-- Required action --
When you reach the line with "congr (_ * _)." in the data below, begin printing lines exactly, and stop once the line with "set X := S ^+ n." has been printed.

Top of Task material

Theorem corollary3p5 (R : realType) (n : nat) :
  (* the operator norm belongs to the class ... *)
  (is_Mnorm (@opnorm R n) /\ (forall A : 'M[R[i]]_n, opnorm A <= numrad_dual A)) /\
  (* ... and dominates every member of the class *)
  (forall N : 'M[R[i]]_n -> R,
     is_Mnorm N -> (forall A, N A <= numrad_dual A) ->
     forall A, N A <= opnorm A).
Proof.
split; first by split; [exact: opnorm_is_Mnorm | exact: opnorm_le_numrad_dual].
case: n => [|n] N N_Mnorm N_le_dual A; last exact: Mnorm_le_opnorm.
have -> : A = 0 by apply/matrixP => -[].
have [_ _ NZ _] := N_Mnorm.1.
by have := NZ 0 0; rewrite scale0r cmod0 mul0r => ->; apply: opnorm_ge0.
Qed.
(* Let $w,\Delta w\in\mathbb{R}$ with $w+\Delta w\neq 0$, and let $x\in\mathbb{R}$ with fractional part $\operatorname{frac}(x)=x-\lfloor x\rfloor$. Define the element-wise error $\mathrm{error}^{EW}(\delta)=(w+\Delta w)\,\delta+\Delta w\, x$ for $\delta\in\mathbb{R}$, the rounding-down and rounding-up perturbations $\Delta x^{-}=-\operatorname{frac}(x)$ and $\Delta x^{+}=1-\operatorname{frac}(x)$, and the border $B^E(x)=\frac{\Delta w}{w+\Delta w}\,x+\frac{1}{2}$. Then: (i) if $\operatorname{frac}(x)<B^E(x)$, then $\mathrm{error}^{EW}(\Delta x^{-})^2<\mathrm{error}^{EW}(\Delta x^{+})^2$; (ii) if $\operatorname{frac}(x)>B^E(x)$, then $\mathrm{error}^{EW}(\Delta x^{-})^2>\mathrm{error}^{EW}(\Delta x^{+})^2$. That is, the border $B^E$ is valid: rounding $x$ down when its fractional part is below $B^E(x)$ and up when it is above gives the smaller squared element-wise error.
   Context: All quantities are scaled by the quantization step size. $w$ is a weight value, $\Delta w$ its quantization error, $x$ an activation value; quantizing $x$ to an integer adds either $\Delta x^{-}$ (rounding down) or $\Delta x^{+}$ (rounding up). The element-wise error of the quantized product $(w+\Delta w)(x+\delta)$ relative to $wx$ is $(w+\Delta w)\delta+\Delta w x$. A border function $B$ is called valid if for every $x$ with $\operatorname{frac}(x)<B(x)$ rounding down gives strictly smaller squared element-wise error than rounding up, and vice versa. *)

From Stdlib Require Import Reals Lra.
Open Scope R_scope.

(* floor x: Stdlib's Int_part x = up x - 1 is the floor of x. *)
Definition frac (x : R) : R := x - IZR (Int_part x).

(* element-wise error of the quantized product, relative to w*x *)
Definition errorEW (w dw x delta : R) : R := (w + dw) * delta + dw * x.

Definition dx_minus (x : R) : R := - frac x.
Definition dx_plus (x : R) : R := 1 - frac x.

Definition borderE (w dw x : R) : R := dw / (w + dw) * x + 1 / 2.

From Stdlib Require Import Reals Lra.
Open Scope R_scope.

(* Rounding up instead of down shifts the error by exactly [w + dw], so the
   difference of the squared errors is [(w + dw) ^ 2] times an affine function
   of [frac x], which vanishes precisely at the border [borderE w dw x]. *)

Lemma errorEW_dx_plus (w dw x : R) :
  errorEW w dw x (dx_plus x) = errorEW w dw x (dx_minus x) + (w + dw).
Proof. unfold errorEW, dx_plus, dx_minus; ring. Qed.

Lemma errorEW_sq_plus_sub_minus (w dw x : R) : w + dw <> 0 ->
  errorEW w dw x (dx_plus x) ^ 2 - errorEW w dw x (dx_minus x) ^ 2
  = 2 * (w + dw) ^ 2 * (borderE w dw x - frac x).
Proof.
  intro hw; rewrite errorEW_dx_plus.
  unfold errorEW, dx_minus, borderE; field; exact hw.
Qed.

Theorem theorem1 (w dw x : R) (hw : w + dw <> 0) :
  (frac x < borderE w dw x ->
     (errorEW w dw x (dx_minus x)) ^ 2 < (errorEW w dw x (dx_plus x)) ^ 2) /\
  (frac x > borderE w dw x ->
     (errorEW w dw x (dx_minus x)) ^ 2 > (errorEW w dw x (dx_plus x)) ^ 2).
Proof.
  pose proof (errorEW_sq_plus_sub_minus w dw x hw) as Hdiff.
  assert (Hsq : 0 < 2 * (w + dw) ^ 2).
  { apply Rmult_lt_0_compat; [lra |].
    rewrite <- Rsqr_pow2; now apply Rsqr_pos_lt. }
  split; intro Hf.
  - assert (0 < 2 * (w + dw) ^ 2 * (borderE w dw x - frac x))
      by (apply Rmult_lt_0_compat; lra).
    lra.
  - assert (0 < 2 * (w + dw) ^ 2 * (frac x - borderE w dw x))
      by (apply Rmult_lt_0_compat; lra).
    lra.
Qed.
(* For all integers $r\ge0$ and $\nu\ge0$, $$E^{(2r+1)}_{2\nu}=\frac{1}{(2r)!}\sum_{\rho=0}^{r}(-1)^\rho\,\mathcal G^r_\rho\,E_{2\nu+2\rho}.$$
   Context: Generalised Euler numbers $E^{(m)}_{2\nu}$ are defined by $\operatorname{sech}^m x=\sum_{\nu\ge0}E^{(m)}_{2\nu}\,x^{2\nu}/(2\nu)!$, and $E_{2\nu}=E^{(1)}_{2\nu}$ are the Euler numbers. The integers $\mathcal G^r_\rho$ ($0\le\rho\le r$) are defined by $\mathcal G^0_0=1$, $\mathcal G^r_{-1}=\mathcal G^r_{r+1}=0$, and $\mathcal G^r_\rho=(2r-1)^2\mathcal G^{r-1}_\rho+\mathcal G^{r-1}_{\rho-1}$ for $r\ge1$. *)

From HB Require Import structures.
From mathcomp Require Import all_boot all_order all_algebra.
Set Implicit Arguments. Unset Strict Implicit. Unset Printing Implicit Defensive.
Import Order.TTheory GRing.Theory Num.Theory.
Local Open Scope ring_scope.

(* A formal power series is given by its coefficient sequence: a n = [x^n] a. *)
Definition ps := nat -> rat.

Definition ps_one : ps := fun n => if n == 0%N then 1 else 0.

Definition ps_mul (a b : ps) : ps :=
  fun n => \sum_(k < n.+1) a k * b (n - k)%N.

Definition ps_exp (a : ps) (m : nat) : ps := iter m (ps_mul a) ps_one.

(* list of the first n+1 coefficients of the multiplicative inverse of a
   (a 0 assumed nonzero): b 0 = (a 0)^-1,
   b n = -(a 0)^-1 * sum_{k=1}^{n} a k * b (n-k). *)
Fixpoint ps_inv_upto (a : ps) (n : nat) : seq rat :=
  match n with
  | 0%N => [:: (a 0%N)^-1]
  | n'.+1 =>
      let s := ps_inv_upto a n' in
      rcons s (- (a 0%N)^-1 * \sum_(1 <= k < n'.+2) a k * nth 0 s (n'.+1 - k)%N)
  end.

Definition ps_inv (a : ps) : ps := fun n => nth 0 (ps_inv_upto a n) n.

Definition cosh_ps : ps := fun n => if odd n then 0 else (n`!%:R)^-1.

Definition sech_ps : ps := ps_inv cosh_ps.

(* Generalised Euler numbers: sech^m x = sum_k E^(m)_k x^k / k!,
   so E^(m)_k = k! [x^k] sech^m x. (Used with k = 2 nu.) *)
Definition gen_euler (m k : nat) : rat := k`!%:R * ps_exp sech_ps m k.

Definition euler (k : nat) : rat := gen_euler 1 k.

(* The integers G^r_rho: G^0_0 = 1, G^r_{-1} = G^r_{r+1} = 0,
   G^r_rho = (2r-1)^2 G^{r-1}_rho + G^{r-1}_{rho-1}  (r >= 1). *)
Fixpoint G (r rho : nat) : nat :=
  match r with
  | 0%N => (rho == 0%N)
  | r'.+1 => ((2 * r' + 1) ^ 2 * G r' rho
              + (if rho is rho'.+1 then G r' rho' else 0))%N
  end.

From HB Require Import structures.
From mathcomp Require Import all_boot all_order all_algebra.
From mathcomp Require Import boolp ring zify.
Import Order.TTheory GRing.Theory Num.Theory.
Local Open Scope ring_scope.

(* We work in the commutative ring Q[[x]] of formal power series, realised
   on coefficient sequences nat -> rat with the Cauchy product (associativity
   and commutativity are transported from polynomials by truncation), and
   with the formal derivative D, which satisfies the Leibniz rule.
   With C = cosh, Sh = sinh and S = sech = 1/C we have D C = Sh, D Sh = C,
   C^2 - Sh^2 = 1 and D S = -S^2 Sh; consequently
       D^2 (S^(m+1)) = (m+1)^2 S^(m+1) - (m+1)(m+2) S^(m+3).
   Reading off the coefficient of x^k gives the recurrence
       E^(m+1)_(k+2) = (m+1)^2 E^(m+1)_k - (m+1)(m+2) E^(m+3)_k,
   while the defining recurrence of G gives the matching recurrence for the
   right-hand sums.  Induction on r then proves the (denominator-free)
   identity (2r)! E^(2r+1)_(2nu) = sum_rho (-1)^rho G^r_rho E_(2nu+2rho). *)

Definition series := ps.
HB.instance Definition _ := gen_eqMixin series.
HB.instance Definition _ := gen_choiceMixin series.

Definition series_add (a b : series) : series := fun n => a n + b n.
Definition series_opp (a : series) : series := fun n => - a n.
Definition series_zero : series := fun _ => 0.

Lemma series_addA : associative series_add.
Proof. by move=> a b c; apply: funext => n; apply: addrA. Qed.
Lemma series_addC : commutative series_add.
Proof. by move=> a b; apply: funext => n; apply: addrC. Qed.
Lemma series_add0 : left_id series_zero series_add.
Proof. by move=> a; apply: funext => n; apply: add0r. Qed.
Lemma series_addN : left_inverse series_zero series_opp series_add.
Proof. by move=> a; apply: funext => n; apply: addNr. Qed.

HB.instance Definition _ :=
  GRing.isZmodule.Build series series_addA series_addC series_add0 series_addN.

Definition trunc (N : nat) (a : ps) : {poly rat} := \poly_(i < N) a i.

Lemma coefM_low (p p' q q' : {poly rat}) (k : nat) :
  (forall i, (i <= k)%N -> p`_i = p'`_i) ->
  (forall i, (i <= k)%N -> q`_i = q'`_i) ->
  (p * q)`_k = (p' * q')`_k.
Proof.
move=> hp hq; rewrite !coefM; apply: eq_bigr => i _.
by rewrite hp ?hq // ?leq_subr // -ltnS.
Qed.

Lemma ps_mul_trunc (a b : ps) {k N : nat} :
  (k < N)%N -> ps_mul a b k = (trunc N a * trunc N b)`_k.
Proof.
move=> kN; rewrite coefM /ps_mul; apply: eq_bigr => i _.
have ik : (i <= k)%N by rewrite -ltnS.
by rewrite !coef_poly (leq_ltn_trans ik kN) (leq_ltn_trans (leq_subr i k) kN).
Qed.

Lemma trunc_mul (a b : ps) {k N : nat} :
  (k < N)%N -> (trunc N (ps_mul a b))`_k = (trunc N a * trunc N b)`_k.
Proof. by move=> kN; rewrite coef_poly kN; apply: ps_mul_trunc. Qed.

Lemma ps_mulA : associative ps_mul.
Proof.
move=> a b c; apply: funext => k.
rewrite (ps_mul_trunc (ps_mul a b) c (ltnSn k)) (ps_mul_trunc a (ps_mul b c) (ltnSn k)).
have lhs : (trunc k.+1 (ps_mul a b) * trunc k.+1 c)`_k
         = (trunc k.+1 a * trunc k.+1 b * trunc k.+1 c)`_k.
  by apply: coefM_low => // i ik; rewrite trunc_mul // ltnS.
have rhs : (trunc k.+1 a * trunc k.+1 (ps_mul b c))`_k
         = (trunc k.+1 a * (trunc k.+1 b * trunc k.+1 c))`_k.
  by apply: coefM_low => // i ik; rewrite trunc_mul // ltnS.
by rewrite lhs rhs mulrA.
Qed.

Lemma ps_mulC : commutative ps_mul.
Proof.
move=> a b; apply: funext => k.
by rewrite (ps_mul_trunc _ _ (ltnSn k)) (ps_mul_trunc b _ (ltnSn k)) mulrC.
Qed.

Lemma ps_mul1 : left_id ps_one ps_mul.
Proof.
move=> a; apply: funext => k.
rewrite /ps_mul big_ord_recl /= mul1r subn0 big1 ?addr0 // => i _.
by rewrite mul0r.
Qed.

Lemma ps_mulDl : left_distributive ps_mul series_add.
Proof.
move=> a b c; apply: funext => k.
by rewrite /ps_mul /series_add -big_split; apply: eq_bigr => i _; rewrite mulrDl.
Qed.

Lemma ps_one_neq0 : ps_one != (0 : series).
Proof. by apply/eqP => /(congr1 (fun f => f 0%N))/eqP; rewrite oner_eq0. Qed.

HB.instance Definition _ := GRing.Zmodule_isComNzRing.Build series
  ps_mulA ps_mulC ps_mul1 ps_mulDl ps_one_neq0.

Lemma coef_add (a b : series) (k : nat) : (a + b) k = a k + b k.
Proof. by []. Qed.
Lemma coef_sub (a b : series) (k : nat) : (a - b) k = a k - b k.
Proof. by []. Qed.

Lemma coef_mul (a b : series) (k : nat) : (a * b) k = ps_mul a b k.
Proof. by []. Qed.

Lemma coef_natmul (a : series) (c k : nat) : (a *+ c) k = a k *+ c.
Proof. by elim: c => [|c IH]; rewrite ?mulr0n // !mulrS coef_add IH. Qed.

Lemma coef_natl (a : series) (c k : nat) : ((c%:R : series) * a) k = c%:R * a k.
Proof. by rewrite mulr_natl coef_natmul mulr_natl. Qed.

Lemma ps_exp_expr (a : series) (m : nat) : ps_exp a m = a ^+ m.
Proof. by elim: m => [|m IH] //; rewrite exprS -IH /ps_exp iterS. Qed.

Definition D (a : series) : series := fun n => n.+1%:R * a n.+1.

Lemma D_add (a b : series) : D (a + b) = D a + D b.
Proof. by apply: funext => k; rewrite /D !coef_add mulrDr. Qed.

Lemma D_opp (a : series) : D (- a) = - D a.
Proof. by apply: funext => k; rewrite /D mulrN. Qed.

(* Leibniz rule, transported from the derivative of polynomials. *)
Lemma D_mul (a b : series) : D (a * b) = D a * b + a * D b.
Proof.
apply: funext => k; rewrite /D coef_add.
rewrite [(a * b) _](ps_mul_trunc _ _ (ltnSn k.+1)).
rewrite [(D a * b) _](ps_mul_trunc _ _ (ltnW (ltnSn k.+1))).
rewrite [(a * D b) _](ps_mul_trunc _ _ (ltnW (ltnSn k.+1))).
rewrite mulr_natl -coef_deriv derivM coefD.
congr (_ + _); apply: coefM_low => // i ik;
  by rewrite coef_deriv !coef_poly /D !ltnS ik (leq_trans ik) // mulr_natl.
Qed.

Lemma D_nat (c : nat) : D c%:R = 0.
Proof.
elim: c => [|c IH]; first by apply: funext => k; rewrite /D mulr0.
rewrite -addn1 natrD D_add IH add0r.
by apply: funext => k; rewrite /D mulr0.
Qed.

Lemma D_natl (c : nat) (a : series) : D (c%:R * a) = c%:R * D a.
Proof. by rewrite D_mul D_nat mul0r add0r. Qed.

Lemma D_exp (a : series) (m : nat) : D (a ^+ m.+1) = m.+1%:R * a ^+ m * D a.
Proof.
elim: m => [|m IH]; first by rewrite expr1 expr0 mulr1 mul1r.
by rewrite exprS D_mul IH !exprS; ring.
Qed.

(* In characteristic 0 a series with zero derivative is constant. *)
Lemma D_eq0_const1 (f : series) : D f = 0 -> f 0%N = 1 -> f = 1.
Proof.
move=> Df0 f0; apply: funext => -[|k] //.
have /eqP := congr1 (fun g => g k) Df0.
by rewrite /D mulf_eq0 pnatr_eq0 => /eqP.
Qed.

(* ps_inv computes the multiplicative inverse of a series with a unit constant
   term: the recursive formula is the coefficient equation of a * b = 1. *)
Lemma size_ps_inv_upto (a : ps) (n : nat) : size (ps_inv_upto a n) = n.+1.
Proof. by elim: n => [|n IH] //=; rewrite size_rcons IH. Qed.

Lemma nth_ps_inv_upto (a : ps) (n i : nat) :
  (i <= n)%N -> nth 0 (ps_inv_upto a n) i = ps_inv a i.
Proof.
elim: n i => [|n IH] i; first by rewrite leqn0 => /eqP ->.
rewrite leq_eqVlt => /orP [/eqP -> // | lt_in].
by rewrite /= nth_rcons size_ps_inv_upto lt_in IH // -ltnS.
Qed.

Lemma ps_invS (a : ps) (n : nat) :
  ps_inv a n.+1 = - (a 0%N)^-1 * \sum_(1 <= k < n.+2) a k * ps_inv a (n.+1 - k)%N.
Proof.
rewrite {1}/ps_inv /= nth_rcons size_ps_inv_upto ltnn eqxx; congr (_ * _).
by apply: eq_big_nat => k /andP [k1 kn]; rewrite nth_ps_inv_upto //; lia.
Qed.

Lemma ps_mul_inv (a : ps) : a 0%N != 0 -> ps_mul a (ps_inv a) = ps_one.
Proof.
move=> a0; apply: funext => -[|n]; first by rewrite /ps_mul big_ord1 /ps_inv /= mulfV.
rewrite /ps_mul big_ord_recl subn0 ps_invS big_add1 /= big_mkord.
by rewrite mulrA mulrN mulfV // mulN1r addNr.
Qed.

Definition C : series := cosh_ps.
Definition Sh : series := fun n => if odd n then (n`!%:R)^-1 else 0.
Definition S : series := sech_ps.

Lemma natS_inv_fact (k : nat) : k.+1%:R * (k.+1`!%:R)^-1 = (k`!%:R)^-1 :> rat.
Proof. by rewrite factS natrM invfM mulrA mulfV ?mul1r // pnatr_eq0. Qed.

Lemma D_cosh : D C = Sh.
Proof.
apply: funext => k; rewrite /D /C /Sh /cosh_ps /=.
by case: (odd k); rewrite /= ?mulr0 ?natS_inv_fact.
Qed.

Lemma D_sinh : D Sh = C.
Proof.
apply: funext => k; rewrite /D /C /Sh /cosh_ps /=.
by case: (odd k); rewrite /= ?mulr0 ?natS_inv_fact.
Qed.

(* cosh^2 - sinh^2 = 1: the derivative vanishes and the constant term is 1. *)
Lemma cosh2_sub_sinh2 : C * C - Sh * Sh = 1.
Proof.
apply: D_eq0_const1; first by rewrite D_add D_opp !D_mul D_cosh D_sinh; ring.
by rewrite coef_sub !coef_mul /ps_mul !big_ord1 /C /Sh /cosh_ps /= invr1 !mulr1 subr0.
Qed.

Lemma sech_cosh : S * C = 1.
Proof. by rewrite mulrC; apply: ps_mul_inv; rewrite /C /cosh_ps. Qed.

Lemma D_sech : D S = - (S * S * Sh).
Proof.
have DSC : D S * C + S * Sh = 0 by rewrite -D_cosh -D_mul sech_cosh (D_nat 1).
have -> : D S = S * (D S * C + S * Sh) - S * S * Sh.
  have -> : S * (D S * C + S * Sh) = D S * (S * C) + S * S * Sh by ring.
  by rewrite sech_cosh; ring.
by rewrite DSC; ring.
Qed.

Lemma D2_sech_exp (n : nat) :
  D (D (S ^+ n.+1)) = (n.+1 * n.+1)%:R * S ^+ n.+1 - (n.+1 * n.+2)%:R * S ^+ n.+3.
Proof.
have sinh2 : Sh * Sh = C * C - 1 by rewrite -cosh2_sub_sinh2; ring.
have DSn : D (S ^+ n.+1) = - (n.+1%:R * (S ^+ n.+2 * Sh)).
  by rewrite D_exp D_sech !exprS; ring.
rewrite DSn D_opp D_natl D_mul D_exp D_sech D_sinh !exprS.
set X := S ^+ n.
transitivity (n.+1%:R * (n.+2%:R * (S * S * S * X) * (Sh * Sh) - S * X * (S * C))
  : series); first by ring.
rewrite sinh2.
transitivity (n.+1%:R * (n.+2%:R * (S * X * (S * C) * (S * C) - S * S * S * X)
  - S * X * (S * C)) : series); first by ring.
by rewrite sech_cosh !natrM -[n.+2]addn1 natrD; ring.
Qed.

(* The coefficient of x^k in this equation: a three-term recurrence. *)
Lemma gen_euler_rec (m k : nat) :
  gen_euler m.+1 k.+2 =
  (m.+1 * m.+1)%:R * gen_euler m.+1 k - (m.+1 * m.+2)%:R * gen_euler m.+3 k.
Proof.
rewrite /gen_euler !ps_exp_expr -/S.
have := congr1 (fun f : series => f k) (D2_sech_exp m).
rewrite /= coef_sub !coef_natl /D => coef_k.
rewrite !factS !natrM.
transitivity (k`!%:R * (k.+1%:R * (k.+2%:R * (S ^+ m.+1) k.+2))); first ring.
by rewrite coef_k; ring.
Qed.

(* G^r_rho vanishes beyond rho = r, so the top term of the sum for r+1 drops. *)
Lemma G_gt (r rho : nat) : (r < rho)%N -> G r rho = 0%N.
Proof. by elim: r rho => [|r IH] [|rho] //= lt_r; rewrite !IH //; lia. Qed.

Definition euler_sum (r nu : nat) : rat :=
  \sum_(rho < r.+1) (-1) ^+ rho * (G r rho)%:R * euler (2 * nu + 2 * rho).

(* The recurrence defining G translates into a recurrence for euler_sum. *)
Lemma euler_sumS (r nu : nat) :
  euler_sum r.+1 nu = ((2 * r + 1) ^ 2)%:R * euler_sum r nu - euler_sum r nu.+1.
Proof.
rewrite /euler_sum /=.
under eq_bigr => rho _ do rewrite natrD natrM mulrDr mulrDl.
rewrite big_split /= big_ord_recr /= G_gt // !mulr0 mul0r addr0 mulr_sumr.
congr (_ + _); first by apply: eq_bigr => i _; ring.
rewrite big_ord_recl /= mulr0 mul0r add0r -sumrN.
apply: eq_bigr => i _; rewrite exprS.
have -> : (2 * nu + 2 * bump 0 i)%N = (2 * nu.+1 + 2 * i)%N by rewrite /bump /=; lia.
by ring.
Qed.

Lemma fact_mul_gen_euler (r nu : nat) :
  (2 * r)`!%:R * gen_euler (2 * r + 1) (2 * nu) = euler_sum r nu.
Proof.
elim: r nu => [|r IH] nu.
  by rewrite /euler_sum big_ord1 /= !mul1r muln0 addn0.
rewrite euler_sumS -!IH.
have -> : (2 * r.+1 + 1 = (2 * r).+3)%N by lia.
have -> : (2 * r + 1 = (2 * r).+1)%N by lia.
have -> : (2 * r.+1 = (2 * r).+2)%N by lia.
have -> : (2 * nu.+1 = (2 * nu).+2)%N by lia.
rewrite gen_euler_rec !factS !natrM.
have -> : (2 * r).+1%:R = (2 * r)%:R + 1 :> rat by rewrite -addn1 natrD.
have -> : (2 * r).+2%:R = (2 * r)%:R + 2%:R :> rat by rewrite -addn2 natrD.
by ring.
Qed.

Theorem mainTheorem4 (r nu : nat) :
  gen_euler (2 * r + 1) (2 * nu) =
  ((2 * r)`!%:R)^-1 *
    \sum_(rho < r.+1) (-1) ^+ rho * (G r rho)%:R * euler (2 * nu + 2 * rho).
Proof.
rewrite -/(euler_sum r nu) -fact_mul_gen_euler mulrA mulVf ?mul1r //.
by rewrite pnatr_eq0 -lt0n fact_gt0.
Qed.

Bottom of Task material

-- Result --
rewrite {1}/ps_inv /= nth_rcons size_ps_inv_upto ltnn eqxx; congr (_ * _).
by apply: eq_big_nat => k /andP [k1 kn]; rewrite nth_ps_inv_upto //; lia.
Qed.

Lemma ps_mul_inv (a : ps) : a 0%N != 0 -> ps_mul a (ps_inv a) = ps_one.
Proof.
move=> a0; apply: funext => -[|n]; first by rewrite /ps_mul big_ord1 /ps_inv /= mulfV.
rewrite /ps_mul big_ord_recl subn0 ps_invS big_add1 /= big_mkord.
by rewrite mulrA mulrN mulfV // mulN1r addNr.
Qed.

Definition C : series := cosh_ps.
Definition Sh : series := fun n => if odd n then (n`!%:R)^-1 else 0.
Definition S : series := sech_ps.

Lemma natS_inv_fact (k : nat) : k.+1%:R * (k.+1`!%:R)^-1 = (k`!%:R)^-1 :> rat.
Proof. by rewrite factS natrM invfM mulrA mulfV ?mul1r // pnatr_eq0. Qed.

Lemma D_cosh : D C = Sh.
Proof.
apply: funext => k; rewrite /D /C /Sh /cosh_ps /=.
by case: (odd k); rewrite /= ?mulr0 ?natS_inv_fact.
Qed.

Lemma D_sinh : D Sh = C.
Proof.
apply: funext => k; rewrite /D /C /Sh /cosh_ps /=.
by case: (odd k); rewrite /= ?mulr0 ?natS_inv_fact.
Qed.

(* cosh^2 - sinh^2 = 1: the derivative vanishes and the constant term is 1. *)
Lemma cosh2_sub_sinh2 : C * C - Sh * Sh = 1.
Proof.
apply: D_eq0_const1; first by rewrite D_add D_opp !D_mul D_cosh D_sinh; ring.
by rewrite coef_sub !coef_mul /ps_mul !big_ord1 /C /Sh /cosh_ps /= invr1 !mulr1 subr0.
Qed.

Lemma sech_cosh : S * C = 1.
Proof. by rewrite mulrC; apply: ps_mul_inv; rewrite /C /cosh_ps. Qed.

Lemma D_sech : D S = - (S * S * Sh).
Proof.
have DSC : D S * C + S * Sh = 0 by rewrite -D_cosh -D_mul sech_cosh (D_nat 1).
have -> : D S = S * (D S * C + S * Sh) - S * S * Sh.
  have -> : S * (D S * C + S * Sh) = D S * (S * C) + S * S * Sh by ring.
  by rewrite sech_cosh; ring.
by rewrite DSC; ring.
Qed.

Lemma D2_sech_exp (n : nat) :
  D (D (S ^+ n.+1)) = (n.+1 * n.+1)%:R * S ^+ n.+1 - (n.+1 * n.+2)%:R * S ^+ n.+3.
Proof.
have sinh2 : Sh * Sh = C * C - 1 by rewrite -cosh2_sub_sinh2; ring.
have DSn : D (S ^+ n.+1) = - (n.+1%:R * (S ^+ n.+2 * Sh)).
  by rewrite D_exp D_sech !exprS; ring.
rewrite DSn D_opp D_natl D_mul D_exp D_sech D_sinh !exprS.
set X := S ^+ n.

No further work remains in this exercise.